*Prompt:*
Give again, word for word, each line from the top of the listing through the line that holds "intros N. rewrite sum_n_Reals.".

*Records for processing:*

Lemma is_series_exp_sq_coef (c x : R) :
  is_series (fun i => exp_sq_coef c i * x ^ i) (exp (c * x ^ 2)).
Proof.
  assert (Heven : is_pseries (fun n => exp_sq_coef c (2 * n)) (x ^ 2) (exp (c * x ^ 2))).
  { eapply is_series_ext; [|exact (is_exp_Reals (c * x ^ 2))]. intros n. cbv beta.
    unfold exp_sq_coef. rewrite Nat.even_even, Nat.div2_double.
    unfold scal; simpl; unfold mult; simpl.
    rewrite pow_n_R_AbsRing, (pow_n_R_AbsRing (x * (x * 1))), Rpow_mult_distr. field.
    apply not_0_INR, fact_neq_0. }
  assert (Hodd : is_pseries (fun n => exp_sq_coef c (2 * n + 1)) (x ^ 2) 0).
  { assert (Hzero : is_series (fun _ => 0) 0).
    { apply (is_lim_seq_ext (fun _ => 0) _ 0); [|apply is_lim_seq_const].
      intros N. rewrite sum_n_Reals. symmetry. now apply sum_eq_R0. }
    eapply is_series_ext; [|exact Hzero].
    intros n. unfold exp_sq_coef. rewrite Nat.even_odd.
    unfold scal; simpl; unfold mult; simpl. ring. }
  replace (exp (c * x ^ 2)) with (exp (c * x ^ 2) + x * 0) by ring.
  eapply is_series_ext; [|exact (is_pseries_odd_even _ _ _ _ Heven Hodd)].
  intros n. unfold scal; simpl; unfold mult; simpl. rewrite pow_n_R_AbsRing. ring.
Qed.

Lemma is_series_exp_quad_coef (a c x : R) :
  is_series (fun n => exp_quad_coef a c n * x ^ n) (exp (a * x + c * x ^ 2)).
Proof.
  rewrite exp_plus.
  eapply is_series_ext;
    [|apply (is_series_mult _ _ _ _ (is_series_exp_coef a x) (is_series_exp_sq_coef c x))].
  - intros n. unfold exp_quad_coef, PS_mult. rewrite Rmult_comm, scal_sum. apply sum_eq.
    intros k Hk. replace (x ^ n) with (x ^ k * x ^ (n - k)) by (rewrite <- pow_add; f_equal; lia).
    ring.
  - eapply ex_series_ext; [|eexists; apply (is_series_exp_coef (Rabs a) (Rabs x))].
    intros n. rewrite Rabs_mult, Rabs_exp_coef, RPow_abs. reflexivity.
  - eapply ex_series_ext; [|eexists; apply (is_series_exp_sq_coef (Rabs c) (Rabs x))].
    intros n. rewrite Rabs_mult, Rabs_exp_sq_coef, RPow_abs. reflexivity.
Qed.

Lemma exp_le_compat (x y : R) : x <= y -> exp x <= exp y.
Proof. intros [Hlt | ->]; [left; now apply exp_increasing | right; reflexivity]. Qed.

Lemma pow3_1_plus_le_exp (z : R) : 0 <= z -> (1 + z) ^ 3 <= exp (3 * z).
Proof.
  intros Hz. replace (3 * z) with (z + z + z) by ring. rewrite !exp_plus.
  replace (exp z * exp z * exp z) with (exp z ^ 3) by ring.
  apply pow_incr. split; [lra | apply exp_ineq1_le].
Qed.

Lemma cubic_moment_le (u r : R) : 0 <= r ->
  (1 + u ^ 2) * Rabs u <= (1 + r) ^ 3 * exp (3 * Rabs (Rabs u - r)).
Proof.
  intros Hr. set (w := Rabs u). set (z := Rabs (w - r)).
  assert (Hw : 0 <= w) by apply Rabs_pos. assert (Hz : 0 <= z) by apply Rabs_pos.
  apply (Rle_trans _ (((1 + r) * (1 + z)) ^ 3)).
  - apply (Rle_trans _ ((1 + w) ^ 3)); [rewrite <- (pow2_abs u); simpl; fold w; nra|].
    apply pow_incr. split; [lra|]. unfold z.
    destruct (Rle_dec r w); [rewrite Rabs_right | rewrite Rabs_left1]; nra.
  - rewrite Rpow_mult_distr. apply Rmult_le_compat_l; [apply pow_le; lra|].
    apply pow3_1_plus_le_exp, Hz.
Qed.

Definition shift_lin (sigma u : R) : R := 1 + u / sigma ^ 2.
Definition shift_quad (sigma : R) : R := - / (2 * sigma ^ 2).

(* [9 sigma^2 / 2] is the maximum of [3 z - z^2 / (2 sigma^2)], see [gauss_exponent_le]. *)
Definition gauss_const (sigma : R) : R := exp (9 * sigma ^ 2 / 2) / (sqrt (2 * PI) * sigma).
Definition gauss_weight (sigma r : R) : R := (1 + r) ^ 3 * exp (r + r ^ 2 / sigma ^ 2).

Section Gaussian.

Variable sigma : R.
Hypothesis sigma_pos : 0 < sigma.

Let sigma2_pos : 0 < sigma ^ 2.
Proof. apply pow_lt, sigma_pos. Qed.

Let sqrt_2PI_pos : 0 < sqrt (2 * PI).
Proof. apply sqrt_lt_R0. generalize PI_RGT_0. lra. Qed.

Let norm_const_pos : 0 < sqrt (2 * PI) * sigma.
Proof. apply Rmult_lt_0_compat; [exact sqrt_2PI_pos | exact sigma_pos]. Qed.

Lemma gauss_density_pos (u : R) : 0 < gauss_density sigma u.
Proof. apply Rdiv_lt_0_compat; [apply exp_pos | exact norm_const_pos]. Qed.
Lemma card_pattern_range_le1 j : j \in pattern_jobs -> (#|pattern_range j| <= 1)%N.
Proof.
rewrite inE => /existsP [k /exists_inP [p pF /eqP pj]].
apply/card_le1P => x; rewrite inE => /forallP /(_ k) /forall_inP /(_ p pF).
rewrite pj eqxx /= => /eqP Ex y; rewrite inE.
apply/idP/idP => [/forallP /(_ k) /forall_inP /(_ p pF)|/eqP ->].
  rewrite pj eqxx /= => /eqP Ey; apply/eqP/val_inj/eqP.
  by rewrite -(eqn_add2r p.2) Ex Ey.
apply/forallP => k'; apply/forall_inP => p' p'F; apply/implyP => /eqP E'.
by have [-> ->] := pattern_job_inj p'F pF (etrans E' (esym pj)); rewrite Ex.
Qed.

Lemma card_consistent_le : (0 < L)%N ->
  (#|[set h | consistent h F]| * L ^ pattern_size F <= L ^ #|job|)%N.
Proof.
move=> L0.
have consistent_in_range : (#|[set h | consistent h F]| <=
    #|[set h : {ffun job -> 'I_L} | [forall j, h j \in pattern_range j]]|)%N.
  apply: subset_leq_card; apply/subsetP => h; rewrite !inE => /forallP h_cons.
  apply/forallP => j; rewrite inE; apply/forallP => k; apply/forall_inP => p pF.
  by apply/implyP => /eqP <-; move: (h_cons k) => /forall_inP; apply.
have prod_range : (\prod_j #|pattern_range j| <= L ^ #|[predC pattern_jobs]|)%N.
  rewrite -prod_nat_const (bigID (mem pattern_jobs)) /= -[leqRHS]mul1n.
  apply: leq_mul.
    apply: (@leq_trans (\prod_(j in pattern_jobs) 1)%N); last by rewrite big1_eq.
    by apply: leq_prod => j /card_pattern_range_le1.
  by apply: leq_prod => j _; rewrite -[leqRHS]card_ord max_card.
rewrite -(cardC pattern_jobs) addnC expnD.
apply: leq_mul (leq_pexp2l L0 pattern_size_le_card_jobs).
by apply: leq_trans consistent_in_range _; rewrite card_ffun_in_family.
Qed.

End OnePattern.

Lemma card_slots_on_le_Cload m : (#|slots_on m| <= Cload J)%N.
Proof.
apply: (@leq_trans (\sum_(j in J) count_mem m (jseq j))%N); last first.
  exact: (leq_bigmax (F := fun m => \sum_(j in J) count_mem m (jseq j))%N).
rewrite -sum1_card (partition_big (fun p : slot => p.1) (mem J)) /=; last first.
  by move=> p; rewrite inE => /andP [].
apply: leq_sum => j _; rewrite sum1dep_card.
rewrite -(card_ord_nth_eq m m (size_jseq_le_maxlen j)).
apply: leq_trans (leq_imset_card (pair j) _); apply: subset_leq_card.
apply/subsetP => -[j' i]; rewrite !inE /= => /andP [/and3P [_ ilt nth_m] /eqP Ej].
by subst j'; apply/imsetP; exists i; rewrite // inE ilt.
Qed.

End Patterns.

Section BadFraction.
Variables (R : realType) (M : finType) (S : seq (seq M)) (nI L l : nat).
Variable J : {set job S nI}.
Local Notation job := (job S nI).
Local Notation slot := (slot S nI).
Local Notation cell := (cell M L).
Local Notation pattern := {ffun cell -> {set slot}}.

*Result of the task:*
Lemma is_series_exp_sq_coef (c x : R) :
  is_series (fun i => exp_sq_coef c i * x ^ i) (exp (c * x ^ 2)).
Proof.
  assert (Heven : is_pseries (fun n => exp_sq_coef c (2 * n)) (x ^ 2) (exp (c * x ^ 2))).
  { eapply is_series_ext; [|exact (is_exp_Reals (c * x ^ 2))]. intros n. cbv beta.
    unfold exp_sq_coef. rewrite Nat.even_even, Nat.div2_double.
    unfold scal; simpl; unfold mult; simpl.
    rewrite pow_n_R_AbsRing, (pow_n_R_AbsRing (x * (x * 1))), Rpow_mult_distr. field.
    apply not_0_INR, fact_neq_0. }
  assert (Hodd : is_pseries (fun n => exp_sq_coef c (2 * n + 1)) (x ^ 2) 0).
  { assert (Hzero : is_series (fun _ => 0) 0).
    { apply (is_lim_seq_ext (fun _ => 0) _ 0); [|apply is_lim_seq_const].
      intros N. rewrite sum_n_Reals. symmetry. now apply sum_eq_R0. }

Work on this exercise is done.